Some publishers create significant barriers for authors who want to reuse their work, or allow others to use it. Negotiating changes to these standard agreements can help authors avoid unfortunate barriers to such reuse and sharing.
Many authors believe they already have the rights to reuse and share their work as they need to, but there are some common misperceptions about author rights.
Retaining some rights to archive and reuse your work: Tools & information
- MIT Copyright Amendment Form Developed at MIT, this amendment is a tool authors can use to retain rights when assigning copyright to a publisher so that authors will be able to use their publications in their academic work and meet requests of their funding agencies.

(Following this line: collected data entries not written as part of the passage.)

Lemma add_lines_add_lincomb E0 l cs w : (forall p, In p cs -> In (snd p) l) ->
  add_lines E0 l w -> add_lines E0 l (vadd w (lincomb cs)).
Proof.
  revert w. induction cs as [|[a u] cs IH]; intros w Hcs Hw; simpl.
  - now replace (vadd w vzero) with w by (vext; ring).
  - replace (vadd w (vadd (vscal a u) (lincomb cs))) with (vadd (vadd w (vscal a u)) (lincomb cs))
      by (vext; ring).
    apply IH; [intros; apply Hcs; now right|].
    apply add_lines_add_scal; auto. apply (Hcs (a, u)); now left.
Qed.

Lemma add_lines_sub E0 X l : is_closed_subspace X -> (forall v, E0 v -> X v) ->
  (forall u, In u l -> X u) -> forall v, add_lines E0 l v -> X v.
Proof.
  intros HX H0. induction l as [|z l' IH]; intros Hl v; simpl; auto.
  intros (c & Hc). replace v with (vadd (vsub v (vscal c z)) (vscal c z)) by (vext; ring).
  apply csub_add, csub_scal; auto; [apply IH; auto; intros; apply Hl; now right | apply Hl; now left].
Qed.

Lemma finite_codim_add_lines E0 X : is_closed_subspace X -> (forall v, E0 v -> X v) ->
  finite_codim_in E0 X -> exists l, (forall u, In u l -> X u) /\ forall v, X v <-> add_lines E0 l v.
Proof.
  intros HX H0 (l & Hl & Hd). exists l. split; auto. intros v. split.
  - intros Hv. destruct (Hd v Hv) as (cs & Hcs & HE).
    replace v with (vadd (vsub v (lincomb cs)) (lincomb cs)) by (vext; ring).
    now apply add_lines_add_lincomb, add_lines_base.
  - now apply add_lines_sub.
Qed.

Lemma finite_codim_mono (A A' E : subspace) :
  (forall v, A v -> A' v) -> finite_codim_in A E -> finite_codim_in A' E.
Proof.
  intros H (l & Hl & Hd). exists l. split; auto. intros v Hv.
  destruct (Hd v Hv) as (cs & Hcs & HA). eauto.
Qed.

(* If [g] vanishes on [E1] the list is unchanged; otherwise some [z] of [E1] with [g z <> 0]
   joins it. *)
Lemma finite_codim_kernel (E E1 : subspace) (g : vec -> C) :
  finite_codim_in E1 E -> (forall v, E1 v -> E v) ->
  (forall v w, E1 v -> E1 w -> E1 (vadd v w)) -> (forall a v, E1 v -> E1 (vscal a v)) ->
  (forall v w, E1 v -> E1 w -> g (vadd v w) = Cplus (g v) (g w)) ->
  (forall a v, E1 v -> g (vscal a v) = Cmult a (g v)) ->
  finite_codim_in (fun v => E1 v /\ g v = RtoC 0) E.
Proof.
  intros (l & Hl & Hd) HE1E Hadd Hscal Hgadd Hgscal.
  destruct (classic (exists z, E1 z /\ g z <> RtoC 0)) as [(z & Hz & Hgz) | Hno].
  - exists (z :: l). split; [intros u [<- | Hu]; auto|].
    intros v Hv. destruct (Hd v Hv) as (cs & Hcs & Hr).
    set (r := vsub v (lincomb cs)) in *.
    exists ((Cdiv (g r) (g z), z) :: cs). split; [intros p [<- | Hp]; simpl; auto|].
    replace (vsub v (lincomb ((Cdiv (g r) (g z), z) :: cs)))
      with (vadd r (vscal (Copp (Cdiv (g r) (g z))) z)) by (simpl; unfold r; vext; ring).
    split; [now apply Hadd, Hscal|].
    rewrite Hgadd, Hgscal by auto. field. auto.
  - exists l. split; auto. intros v Hv. destruct (Hd v Hv) as (cs & Hcs & Hr).
    exists cs. repeat split; auto. apply NNPP; intro Hn. apply Hno. eauto.
Qed.

(** * The Riesz representation of a bounded functional *)

Fixpoint sum_lt (a : nat -> R) (N : nat) : R :=
  match N with O => 0 | S N' => sum_lt a N' + a N' end.

Fixpoint csum_lt (a : nat -> C) (N : nat) : C :=
  match N with O => RtoC 0 | S N' => Cplus (csum_lt a N') (a N') end.

Lemma sum_f_R0_sum_lt a n : sum_f_R0 a n = sum_lt a (S n).
Proof. induction n; simpl in *; [ring | rewrite IHn; ring]. Qed.

Lemma sum_lt_ext a b N : (forall k, (k < N)%nat -> a k = b k) -> sum_lt a N = sum_lt b N.
Proof. induction N; intros H; simpl; auto. rewrite IHN, H; auto. Qed.

Lemma fst_csum_lt a N : fst (csum_lt a N) = sum_lt (fun k => fst (a k)) N.
Proof. induction N; simpl; auto. now rewrite IHN. Qed.

Lemma snd_csum_lt a N : snd (csum_lt a N) = sum_lt (fun k => snd (a k)) N.
Proof. induction N; simpl; auto. now rewrite IHN. Qed.

Lemma is_series_finite_support a N : (forall k, (N <= k)%nat -> a k = 0) -> is_series a (sum_lt a N).
Proof.
  intros H. apply is_series_Reals. intros eps Heps. exists N. intros n Hn.
  rewrite sum_f_R0_sum_lt. replace (sum_lt a (S n)) with (sum_lt a N).
  - unfold Rdist. rewrite Rminus_eq_0, Rabs_R0. auto.
  - assert (Hle : (N <= S n)%nat) by lia. induction Hle; auto. simpl. rewrite H by lia. rewrite IHHle. ring.
Qed.

Lemma sum_lt_cvg a : ex_series a ->
  forall eps, 0 < eps -> exists N0, forall N, (N0 <= N)%nat -> Rabs (sum_lt a N - Series a) < eps.
Proof.
  intros Ha eps Heps. pose proof (Series_correct a Ha) as H. apply is_series_Reals in H.
  destruct (H eps Heps) as (N0 & HN0). exists (S N0). intros N HN. destruct N; [lia|].
  rewrite <- sum_f_R0_sum_lt. apply HN0. lia.
Qed.

Definition ebasis (n : nat) : vec := fun k => if Nat.eqb k n then RtoC 1 else RtoC 0.
Definition trunc (N : nat) (x : vec) : vec := fun k => if Nat.ltb k N then x k else RtoC 0.

Lemma trunc_S N x : trunc (S N) x = vadd (trunc N x) (vscal (x N) (ebasis N)).
Proof.
  apply functional_extensionality; intro k. unfold trunc, vadd, vscal, ebasis.
  destruct (Nat.ltb_spec k (S N)), (Nat.ltb_spec k N), (Nat.eqb_spec k N); subst; try lia; ring.
Qed.

Lemma finite_support_l2 x N : (forall k, (N <= k)%nat -> x k = RtoC 0) ->
  in_l2 x /\ l2norm x ^ 2 = sum_lt (sqmod x) N.
Proof.
  intros H. assert (H0 : forall k, (N <= k)%nat -> sqmod x k = 0).
  { intros k Hk. unfold sqmod. rewrite H, Cmod_0 by auto. ring. }
  pose proof (is_series_finite_support _ _ H0) as Hs.
  assert (Hx : in_l2 x) by (eexists; eauto).
  split; auto. rewrite l2norm_sq by auto. now apply is_series_unique.
Qed.

Lemma trunc_support N x k : (N <= k)%nat -> trunc N x k = RtoC 0.
Proof. intros Hk. unfold trunc. destruct (Nat.ltb_spec k N); auto; lia. Qed.

Lemma ebasis_l2 n : in_l2 (ebasis n).
Proof.
  apply (finite_support_l2 _ (S n)). intros k Hk. unfold ebasis. destruct (Nat.eqb_spec k n); auto; lia.
Qed.

Lemma trunc_l2 N x : in_l2 (trunc N x).
Proof. apply (finite_support_l2 _ N), trunc_support. Qed.

Lemma trunc_norm_sq N x : l2norm (trunc N x) ^ 2 = sum_lt (sqmod x) N.
Proof.
  rewrite (proj2 (finite_support_l2 (trunc N x) N (trunc_support N x))).
  apply sum_lt_ext. intros k Hk. unfold sqmod, trunc. destruct (Nat.ltb_spec k N); auto; lia.
Qed.

Lemma tail_norm_sq N x : in_l2 x -> l2norm (vsub x (trunc N x)) ^ 2 = Series (sqmod x) - sum_lt (sqmod x) N.
Proof.
  intros Hx. assert (Hl : in_l2 (vsub x (trunc N x))) by (apply in_l2_sub; auto; apply trunc_l2).
  rewrite <- trunc_norm_sq, !l2norm_sq by (auto; apply trunc_l2).
  rewrite <- Series_minus by (auto; apply trunc_l2). apply Series_ext. intros k.
  unfold sqmod, vsub, trunc. destruct (Nat.ltb_spec k N).
  - replace (Cminus (x k) (x k)) with (RtoC 0) by ring. rewrite Cmod_0. ring.
  - replace (Cminus (x k) (RtoC 0)) with (x k) by ring. rewrite Cmod_0. ring.
Qed.

Section Riesz.
Variable Phi : vec -> C.
Variable M : R.
Hypothesis HM : 0 <= M.
Hypothesis Hadd : forall x y, in_l2 x -> in_l2 y -> Phi (vadd x y) = Cplus (Phi x) (Phi y).
Hypothesis Hscal : forall a x, in_l2 x -> Phi (vscal a x) = Cmult a (Phi x).
Hypothesis Hbd : forall x, in_l2 x -> Cmod (Phi x) <= M * l2norm x.

Lemma functional_sub x y : in_l2 x -> in_l2 y -> Phi (vsub x y) = Cminus (Phi x) (Phi y).
Proof. intros. rewrite vsub_as_vadd, Hadd, Hscal by (auto; now apply in_l2_scal). ring. Qed.

Lemma functional_trunc N x : Phi (trunc N x) = csum_lt (fun k => Cmult (x k) (Phi (ebasis k))) N.
Proof.
  induction N.
  - change (trunc 0 x) with vzero. rewrite vzero_as_vscal, Hscal by apply in_l2_zero. simpl; ring.
  - rewrite trunc_S, Hadd, Hscal, IHN by (apply trunc_l2 || apply in_l2_scal || idtac; apply ebasis_l2).
    reflexivity.
Qed.

Definition riesz_vec (k : nat) : C := Cconj (Phi (ebasis k)).

Lemma fst_functional_trunc N x : fst (Phi (trunc N x)) = sum_lt (re_term x riesz_vec) N.
Proof.
  rewrite functional_trunc, fst_csum_lt. apply sum_lt_ext. intros.
  unfold re_term, riesz_vec. now rewrite Cconj_conj.
Qed.

Lemma snd_functional_trunc N x : snd (Phi (trunc N x)) = sum_lt (im_term x riesz_vec) N.
Proof.
  rewrite functional_trunc, snd_csum_lt. apply sum_lt_ext. intros.
  unfold im_term, riesz_vec. now rewrite Cconj_conj.
Qed.

(* The partial sums of [|y_k|^2] are [Phi] of the truncations of [y] itself, hence bounded by
   [M ^ 2]. *)
Lemma riesz_vec_l2 : in_l2 riesz_vec.
Proof.
  assert (Hb : forall N, sum_lt (sqmod riesz_vec) N <= M ^ 2).
  { intros N. set (S := sum_lt (sqmod riesz_vec) N).
    assert (HS : S <= M * l2norm (trunc N riesz_vec)).
    { replace S with (fst (Phi (trunc N riesz_vec))).
      - eapply Rle_trans; [apply Rle_abs|]. eapply Rle_trans; [apply re_le_Cmod|]. apply Hbd, trunc_l2.
      - rewrite fst_functional_trunc. apply sum_lt_ext. intros k _.
        rewrite sqmod_alt. unfold re_term. destruct (riesz_vec k). simpl. ring. }
    pose proof (trunc_norm_sq N riesz_vec) as HT. fold S in HT.
    pose proof (l2norm_nonneg (trunc N riesz_vec)).
    assert (l2norm (trunc N riesz_vec) <= M) by nra.
    rewrite <- HT. apply pow_incr; auto. }
  destruct (growing_cv (sum_f_R0 (sqmod riesz_vec))) as (l & Hl).
  - intros n. simpl. pose proof (sqmod_nonneg riesz_vec (S n)). lra.
  - exists (M ^ 2). intros r (i & ->). rewrite sum_f_R0_sum_lt. apply Hb.
  - exists l. now apply is_series_Reals.
Qed.
(* Let $\mu,\nu$ be $\sigma$-finite invariant measures on $S$ and $\gamma,\delta$ invariant kernels on $S$ such that $$\iint\mathbf 1\{(s,t)\in\cdot\}\,\gamma(s,dt)\,\mu(ds)=\iint\mathbf 1\{(s,t)\in\cdot\}\,\delta(t,ds)\,\nu(dt).$$ Let $v,w:S\to[0,\infty]$ be measurable with $0<\mu_sv<\infty$, $0<\mu_sw<\infty$ for all $s$ and $\frac{\mu_bw}{\mu_bv}=\frac{\mu_{b'}w}{\mu_{b'}v}$ for all $b,b'\in O$, and let $m:S\times S\to[0,\infty]$ be measurable and invariant. Then $$\iint\Delta_v(s,t)w(s)m(s,t)\,\gamma(s,dt)\,\mu(ds)=\iint w(t)m(s,t)\,\delta(t,ds)\,\nu(dt),$$ where $\Delta_v(s,t):=\mu_tv/\mu_sv$.
   Context: $G$ is a locally compact second countable Hausdorff group, $\lambda$ a left Haar measure. $(S,\mathcal S)$ is a Borel space on which $G$ acts measurably and properly (there is a measurable partition $B_1,B_2,\dots$ of $S$ with $\mu_s(B_n)<\infty$ for all $s,n$), $\mu_s$ being the image of $\lambda$ under $g\mapsto gs$. $O\in\mathcal S$ is a fixed system of orbit representatives. A measure $\mu$ on $S$ is invariant if $\mu(g^{-1}B)=\mu(B)$ for all $g,B$; a $\sigma$-finite kernel $\gamma$ on $S$ is invariant if $\gamma(gs,B)=\gamma(s,g^{-1}B)$; $m$ is invariant if $m(gs,gt)=m(s,t)$. *)

From HB Require Import structures.
From mathcomp Require Import all_boot all_order all_algebra.
From mathcomp Require Import all_classical all_reals all_analysis.
From mathcomp Require Import measurable_realfun.
Set Implicit Arguments. Unset Strict Implicit. Unset Printing Implicit Defensive.
Import Order.TTheory GRing.Theory Num.Theory.
Local Open Scope classical_set_scope.
Local Open Scope ring_scope.

Notation borel_of G := (g_sigma_algebraType (@open G)).

Definition is_group (G : Type) (mul : G -> G -> G) (inv : G -> G) (e : G) :=
  [/\ forall x y z, mul x (mul y z) = mul (mul x y) z,
      forall x, mul e x = x, forall x, mul x e = x,
      forall x, mul (inv x) x = e & forall x, mul x (inv x) = e].

Definition lcsc_group (G : ptopologicalType) (mul : G -> G -> G) (inv : G -> G)
    (e : G) :=
  is_group mul inv e /\
  [/\ continuous (fun p : G * G => mul p.1 p.2),
      continuous inv,
      hausdorff_space G,
      locally_compact [set: G] & @second_countable G].

(* Left Haar measure: nonzero, left-invariant Borel measure, finite on compact
   sets (on an LCSC Hausdorff space every such locally finite Borel measure is
   automatically regular, i.e. Radon). *)
Definition left_haar (R : realType) (G : ptopologicalType) (mul : G -> G -> G)
    (lam : set (borel_of G) -> \bar R) :=
  [/\ (forall (g : G) (A : set (borel_of G)), measurable A ->
         lam [set mul g x | x in A] = lam A),
      (forall K : set G, compact K -> (lam K < +oo)%E) &
      (0 < lam setT)%E].

(* (S, 𝒮) is a Borel space: Borel isomorphic to a Borel subset of the reals. *)
Definition borel_space (R : realType) d (S : measurableType d) :=
  exists f : S -> R, [/\ measurable_fun setT f, injective f &
    forall A : set S, measurable A -> measurable (f @` A)].

Definition measurable_action (G : ptopologicalType) (mul : G -> G -> G) (e : G)
    d (S : measurableType d) (act : G -> S -> S) :=
  [/\ forall s, act e s = s,
      forall g h s, act (mul g h) s = act g (act h s) &
      measurable_fun setT (fun p : borel_of G * S => act p.1 p.2)].

(* mu_s := image of lam under g |-> g s, evaluated on a set / integrated *)
Definition orbit_measure (R : realType) (G : ptopologicalType)
    (lam : set (borel_of G) -> \bar R) d (S : measurableType d)
    (act : G -> S -> S) (s : S) (B : set S) : \bar R :=
  lam (fun g : borel_of G => B (act g s)).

- Using a publisher agreement amendment: for MIT authors funded by NIH
- Publisher Copyright Policies & Self-Archiving – Determine whether you can post articles to your own web site, to MIT’s research repository (Dspace), or to a discipline-based repository. Check publisher compliance with research funder policies.
- Retaining Rights & Increasing the Impact of Your Research: One-page summary of key issues and tools for MIT authors; this content is also summarized in a 3-part online tutorial “Scholarly Publication and Copyright.”
- More on managing your copyrights – Sample copyright transfer agreements, alternative copyright transfer agreement amendment forms, and more.
Increasing your research impact: posting your article where it can be accessed without barriers
Open access articles offer greater impact than those gated behind subscription barriers. There are several options for making your research more widely available:
- Publish in an open access journal.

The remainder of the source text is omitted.